• [What you need to do]: Begin with the line that holds "Import numFieldNormedType.Exports.". Write out every line from there to the end of the listing below, word for word.

• [Data under study]:
(* The complement of $\mathcal S_1\cup\mathcal S_2$ in the invariant torsion variety $\mathcal M\cong\mathbb{RP}^1\times\mathbb{RP}^2$ contains exactly two components $\mathcal M_\pm$. The isomorphism classes of the Lie algebras $\mathfrak g_{\mathbf x,\mathbf y}$ corresponding to points of $\mathcal M$ are as follows: (1) points of $\mathcal M_+$ correspond to the semi-simple Lie algebra $\mathfrak{so}(3)\oplus\mathfrak{so}(3)$; (2) points of $\mathcal M_-$ correspond to the semi-simple Lie algebra $\mathfrak{so}(3,\mathbb C)$; (3) points of $\mathcal S_1\setminus \mathcal C$ correspond to the semi-direct product $\mathfrak{so}(3)\ltimes\mathbb R^3$; (4) points of $\mathcal S_2\setminus \mathcal C$ correspond to the direct sum $\mathfrak{so}(3)\oplus\mathbb R^3$; (5) points of $\mathcal C = \mathcal S_1\cap \mathcal S_2$ correspond to the nilpotent Lie algebra $(0,0,0,12,13,23)$ (i.e. with a basis satisfying $df^1=df^2=df^3=0$, $df^4=f^{12}$, $df^5=f^{13}$, $df^6=f^{23}$).
   Context: Represent a point of $\mathcal M\cong\mathbb{RP}^1\times\mathbb{RP}^2$ by a pair of nonzero polynomials $\mathbf x=x_1u_1+x_2u_2$, $\mathbf y=y_1u_1^2+y_2u_1u_2+y_3u_2^2$ (up to independent scaling). To it corresponds the Lie algebra $\mathfrak g_{\mathbf x,\mathbf y}$ with a basis $e^1,\dots,e^6$ of its dual satisfying ($e^{ij}=e^i\wedge e^j$): $de^1=(x_2y_1-x_1y_2)e^{35}-x_1y_3(e^{36}+e^{45})-x_2y_3e^{46}$, $de^3=-(x_2y_1-x_1y_2)e^{15}+x_1y_3(e^{16}+e^{25})+x_2y_3e^{26}$, $de^5=(x_2y_1-x_1y_2)e^{13}-x_1y_3(e^{14}+e^{23})-x_2y_3e^{24}$, $de^2=x_1y_1e^{35}-(x_1y_3-y_2x_2)e^{46}+x_2y_1(e^{36}+e^{45})$, $de^4=-x_1y_1e^{15}+(x_1y_3-y_2x_2)e^{26}-x_2y_1(e^{16}+e^{25})$, $de^6=x_1y_1e^{13}-(x_1y_3-y_2x_2)e^{24}+x_2y_1(e^{14}+e^{23})$ (these are exactly the left-invariant $SO(3)$-structures with invariant intrinsic torsion whose flat connection has invariant torsion, up to scale). Let $\Delta(\mathbf y)=y_2^2-4y_1y_3$ and $R(\mathbf x,\mathbf y)=x_2^2y_1+y_3x_1^2-y_2x_2x_1$ (discriminant and resultant). Define the subvarieties $\mathcal M_+=\{\Delta>0,R\neq0\}$, $\mathcal M_-=\{\Delta<0,R\neq0\}$, $\mathcal S_1=\{\Delta=0\}$, $\mathcal S_2=\{R=0\}$, $\mathcal C=\mathcal S_1\cap\mathcal S_2$ (the locus where $\mathbf y$ is a multiple of $\mathbf x^2$). *)

From HB Require Import structures.
From mathcomp Require Import all_boot all_order all_algebra.
From mathcomp Require Import all_classical all_reals topology normedtype.
Set Implicit Arguments. Unset Strict Implicit. Unset Printing Implicit Defensive.
Import Order.TTheory GRing.Theory Num.Theory.
Import numFieldNormedType.Exports.
Local Open Scope ring_scope.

• [Answer to this exercise]:
Import numFieldNormedType.Exports.
Local Open Scope ring_scope.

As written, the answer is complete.